- PROBLEM DESCRIPTION -
A complete response lists each line of the data below that includes the word "case".

Stored data entries

+ + +

Lemma avoiding_refl (S : {set V}) a : a \notin S -> avoiding S a a.
Proof. by move=> aS; rewrite /avoiding aS connect0. Qed.

Lemma connect_avoiding (S : {set V}) a b :
  a \notin S -> connect (avoid_rel S) a b -> avoiding S a b.
Proof.
move=> aS ab; rewrite /avoiding aS ab andbT.
case/connectP: ab => q + ->; elim/last_ind: q => // q c _.
by rewrite rcons_path last_rcons => /andP [_ /and3P []].
Qed.

Lemma avoiding_sym S a b : avoiding S a b = avoiding S b a.
Proof.
suff avoid_sym : connect_sym (avoid_rel S) by rewrite /avoiding avoid_sym andbCA.
by apply: sym_connect_sym => u v /=; rewrite e_sym (andbC (u \notin S)).
Qed.

Lemma avoiding_trans S a b c : avoiding S a b -> avoiding S b c -> avoiding S a c.
Proof.
case/and3P => aS _ ab /and3P [_ cS bc].
by rewrite /avoiding aS cS (connect_trans ab bc).
Qed.

Lemma avoiding_nbhd (S : {set V}) a b :
  a \notin S -> b \notin S -> b \in N a -> avoiding S a b.
Proof.
move=> aS bS; rewrite closed_nbhdE => /orP [/eqP -> | ab]; first exact: avoiding_refl.
by rewrite /avoiding aS bS connect1 //= ab aS.
Qed.

Lemma avoiding_nbhd2 (S : {set V}) a b c : a \notin S -> b \notin S -> c \notin S ->
  b \in N a -> c \in N b -> avoiding S a c.
Proof.
move=> aS bS cS ab bc.
exact: avoiding_trans (avoiding_nbhd aS bS ab) (avoiding_nbhd bS cS bc).
Qed.

Lemma avoiding_connect S a b : avoiding S a b -> connect e a b.
Proof.
case/and3P => _ _; apply: connect_sub => u v /andP [uv _].
exact: connect1.
Qed.

Lemma avoiding_path (S : {set V}) x p :
  path e x p -> all [pred u | u \notin S] (x :: p) -> avoiding S x (last x p).
Proof.
move=> xp p_out; have S' u : u \in x :: p -> u \notin S := allP p_out u.
rewrite /avoiding S' ?S' ?mem_head ?mem_last //=.
apply/connectP; exists p => //; apply: sub_in_path p_out xp => u v.
by rewrite !inE /= => -> -> ->.
Qed.

Lemma avoiding_transfer x y v w :
  avoiding (N x) y v -> ~~ avoiding (N x) y w -> w \notin N x -> avoiding (N w) y v.
Proof.
move=> yv yw wx.
(* The component of y in G - N[x] does not contain w, so it misses N[w]. *)
have off_w u : avoiding (N x) y u -> u \notin N w.
  move=> yu; have /and3P [_ ux _] := yu.
  rewrite closed_nbhdE negb_or; apply/andP; split; first by apply: contraNneq yw => <-.
  apply: contraNN yw => wu; apply: (avoiding_trans yu (avoiding_nbhd ux wx _)).
  by rewrite closed_nbhdC closed_nbhd_edge.
have /and3P [yx _ /connectP [q yq ->]] := yv; apply: avoiding_path.
  by apply: sub_path yq => a b /andP [].
by apply/allP => u /(path_connect yq) /(connect_avoiding yx) /off_w.
Qed.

+ + +

- RESULT -
case/connectP: ab => q + ->; elim/last_ind: q => // q c _.
case/and3P => aS _ ab /and3P [_ cS bc].
case/and3P => _ _; apply: connect_sub => u v /andP [uv _].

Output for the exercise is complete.